You can also find more information by reading the full text of the Act, available at http://www.legislation.gov.uk/ukpga/2000/36/contents and further guidance http://www.justice.gov.uk/guidance/foi-step-by-step.htm
You have the right to appeal our decision if you think it is incorrect. Details can be found in the ‘How to Appeal’ section attached at the end of this letter.
I hope that this is of some help.
On the one hand someone has gone to the trouble of putting together a careful narrative answer to my question, and have signposted me to a number of informative documents: the Equal Treatment Bench Book does contain some useful guidance in respect of LiPs, but the lengthy 63 page prospectus of judicial training for 2012-13 contains only 2 instances of the phrase “litigants in person”, indicating in respect of civil trials and appeals courses the topic will be one of many covered. There is no reference in the brochure material for family courses to litigants in person at all.

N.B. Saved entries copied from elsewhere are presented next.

(* Each term is continuous in [p] for the product of the norm and dual-norm
   topologies, so their supremum is lower semicontinuous. *)
Lemma fitzpatrick_lsc : ext_lsc fitzpatrick.
Proof.
move=> x f df t /ereal_sup_gt [_ [q Tq <-]]; rewrite lte_fin => tq.
have [B B0 qB] := is_dual_norm_le (opT Tq).
set eps := fitzpatrick_term q (x, f) - t.
have eps0 : 0 < eps by rewrite subr_gt0.
have K0 : 0 < 2 * (B + `|q.1| + 1) by have := normr_ge0 q.1; lra.
exists (eps / (2 * (B + `|q.1| + 1))); first by rewrite divr_gt0.
set d := eps / _ => y g dg hy hg.
apply: lt_le_trans (fitzpatrick_term_le (y, g) Tq); rewrite lte_fin.
have d0 : 0 < d by rewrite divr_gt0.
have h1 : `|q.2 y - q.2 x| <= B * d.
  rewrite -(is_dualB (opT Tq)); apply: (le_trans (qB _)).
  by apply: ler_wpM2l; [lra | exact: ltW].
have h2 := hg q.1.
have h3 : B * d + d * `|q.1| < eps.
  have -> : B * d + d * `|q.1| = d * (B + `|q.1|) by ring.
  by rewrite /d mulrAC ltr_pdivrMr //; have := normr_ge0 q.1; nra.
move: h1 h2; rewrite !ler_norml => /andP [h1a h1b] /andP [h2a h2b].
by rewrite /eps /fitzpatrick_term /= in h3 *; lra.
Qed.

(* Comparing [h] at the convex combination [l (z, g) + (1 - l) (a, f)] with the
   pairing there and letting [l] tend to 0 shows that every member of the
   family dominates the Fitzpatrick function. *)
Lemma family_ge_fitzpatrick_term h z g c a f :
  fitzpatrick_family T h -> is_dual g -> (h (z, g) <= c%:E)%E -> T (a, f) ->
  fitzpatrick_term (a, f) (z, g) <= c.
Proof.
move=> [hconv [_ [hlow hT]]] dg hz Taf; have df : is_dual f := opT Taf.
rewrite /fitzpatrick_term /= leNgt; apply/negP => hlt.
set E := f z + g a - f a - c.
have E0 : 0 < E by rewrite /E subr_gt0.
set K := f z + g a - f a - g z.
have hK := normr_ge0 K.
set l := E / (2 * (`|K| + E + 1)).
have K0 : 0 < 2 * (`|K| + E + 1) by lra.
have l0 : 0 < l by rewrite divr_gt0.
have l1 : l <= 1 by rewrite ler_pdivrMr //; lra.
have hA : (h (a, f) <= (f a)%:E)%E by rewrite hT.
have := hconv _ _ _ _ l _ _ dg df (ltW l0) l1 hz hA.
move/(le_trans (hlow _ _ (is_dual_comb l (1 - l) dg df))); rewrite lee_fin.
rewrite (is_dualD dg) (is_dualD df) !(is_dualZ dg) !(is_dualZ df) => In.
have hEK : E - l * K <= 0.
  rewrite -(pmulr_rle0 _ l0).
  have -> : l * (E - l * K) = (l * (l * g z + (1 - l) * g a) +
      (1 - l) * (l * f z + (1 - l) * f a)) - (l * c + (1 - l) * f a).
    by rewrite /E /K; ring.
  lra.
have : l * `|K| < E by rewrite /l mulrAC ltr_pdivrMr //; nra.
have : l * K <= l * `|K| by apply: ler_wpM2l; [exact: ltW | exact: ler_norm].
lra.
Qed.

End Fitzpatrick.

Section MaximalMonotone.
Variables (R : realType) (X : normedModType R) (T : set (X * (X -> R))).
Hypothesis HT : maximal_monotone T.

Let opT : is_operator T := HT.1.1.
Let monoT : monotone_op T := HT.1.

Lemma maximal_monotone_related x f :
  is_dual f -> monotonically_related T x f -> T (x, f).
Proof.
move=> df Hf; have [[_ monT] maxT] := HT.
set T' := T `|` [set (x, f)].
have mT' : monotone_op T'.
  split=> [z [/opT //|-> //]|x1 f1 y1 g1 [h1|[-> ->]] [h2|[-> ->]]].
  - exact: monT h1 h2.
  - have d1 : is_dual f1 := opT h1.
    by have := Hf _ _ h1; rewrite !(is_dualB df) !(is_dualB d1); lra.
  - exact: Hf _ _ h2.
  - by rewrite subrr.
by rewrite -(maxT T' mT' (fun z hz => or_introl hz)); right.
Qed.

Lemma fitzpatrick_ge_pairing x f : is_dual f -> ((f x)%:E <= fitzpatrick T (x, f))%E.
Proof.
move=> df; rewrite leNgt; apply/negP => hlt.
have Txf : T (x, f).
  apply: maximal_monotone_related => // a h Tah.
  have := le_lt_trans (fitzpatrick_term_le (x, f) Tah) hlt.
  have dh : is_dual h := opT Tah.
  by rewrite lte_fin /fitzpatrick_term /= (is_dualB df) (is_dualB dh); lra.
have := le_lt_trans (fitzpatrick_term_le (x, f) Txf) hlt.
by rewrite lte_fin /fitzpatrick_term /=; lra.
Qed.

Lemma fitzpatrick_eq_pairing x f : T (x, f) -> fitzpatrick T (x, f) = (f x)%:E.
Proof.
move=> Txf; apply/eqP; rewrite eq_le; apply/andP; split.
  apply: ge_ereal_sup => _ [[a h] Tah <-]; rewrite lee_fin /fitzpatrick_term /=.
  have df : is_dual f := opT Txf; have dh : is_dual h := opT Tah.
  by have := monoT.2 _ _ _ _ Txf Tah; rewrite (is_dualB df) (is_dualB dh); lra.
by have := fitzpatrick_term_le (x, f) Txf; rewrite /fitzpatrick_term /= addrK.
Qed.

Lemma fitzpatrick_in_family : fitzpatrick_family T (fitzpatrick T).
Proof.
split; first exact: fitzpatrick_convex.
split; first exact: fitzpatrick_lsc.
by split; [apply: fitzpatrick_ge_pairing | apply: fitzpatrick_eq_pairing].
Qed.

Lemma family_gt_ninfty h x f :
  fitzpatrick_family T h -> is_dual f -> (-oo < h (x, f))%E.
Proof.
by move=> [_ [_ [hlow _]]] df; apply: lt_le_trans (hlow _ _ df); rewrite ltNyr.
Qed.

Section BoundedRange.
Variable M : R.
Hypotheses (M0 : 0 <= M) (TM : range_norm_le T M).

Lemma dom_full x : exists f, T (x, f).
Proof.
have [phi [dphi _ rel]] := debrunner_flor monoT x M0 TM.
by exists phi; apply: maximal_monotone_related.
Qed.

Lemma P2D_norm_le h g : fitzpatrick_family T h -> P2D h g -> dual_norm_le g M.
Proof.
move=> Fh [dg [z hz]].
have fz : h (z, g) \is a fin_num.
  by rewrite fin_numElt hz andbT; apply: family_gt_ninfty.
set c := fine (h (z, g)).
have hzc : (h (z, g) <= c%:E)%E by rewrite fineK.
apply: (@dual_norm_le_affine _ _ _ (c + M * `|z|)) => // u.
have [f Tuf] := dom_full u.
have := family_ge_fitzpatrick_term opT Fh dg hzc Tuf.
have := TM Tuf z; have := TM Tuf u; rewrite /fitzpatrick_term /=.
by rewrite !ler_norml => /andP [_ a1] /andP [a2 _]; lra.
Qed.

For that part of the answer I cannot fault them.
On the other hand it might be seen as somewhat concerning – and contradictory – that the information requested at 2, 3 and 4 about the proportion judges who have had LiP training is not held. My understanding of the narrative response is that there is no specific training for the judiciary concerning litigants in person and the answer therefore to questions 2 and 3 must be 0%. I understand they are saying that LiP training has been “mainstreamed” but will this be enough to enable the judiciary to meet the unenviable challenge that is looming?
One can also extrapolate that if there were a specific budget allocated to training for litigants in person that would have been indicated in response to question 4. That the information is “not held” suggests that there is no such budget. Who knows? Its not really clear.
What is in fact more interesting though than the lack of facts and figures I had sought, is that part of the narrative answer that reads:
“Senior judiciary are keen that litigants in person should be given as much assistance as possible to comply with the judicial process. Members of the judiciary are asked to show sensitivity to the needs of litigants in person and to seek to ensure that litigants in person are able to understand and comply with court processes. There are, of course, limits to the proper role of the judiciary in this area, as judges must also be careful to avoid offering legal advice on how a litigant should take forward their case, as this would interfere with due process.”
And there’s the nub of it. You can run as many seminars as you like on Litigants in Person, but ultimately the judiciary are not in a position to fix this problem without transgressing the professional boundaries that are essential in order for them to remain visibly impartial, and for fairness to be done and seen to be done (one example of the dangers of the judiciary trying to help but getting the balance wrong is covered in my recent blog post “Go Solo To Gain Tactical Advantage?”. For the judiciary to send out a signal that they could pick up the slack by upping the training would give the Government the opportunity to offload the responsibility for this catastrophe on them. The judiciary can and will do their best but they cannot be the antidote to LASPO however well trained they are.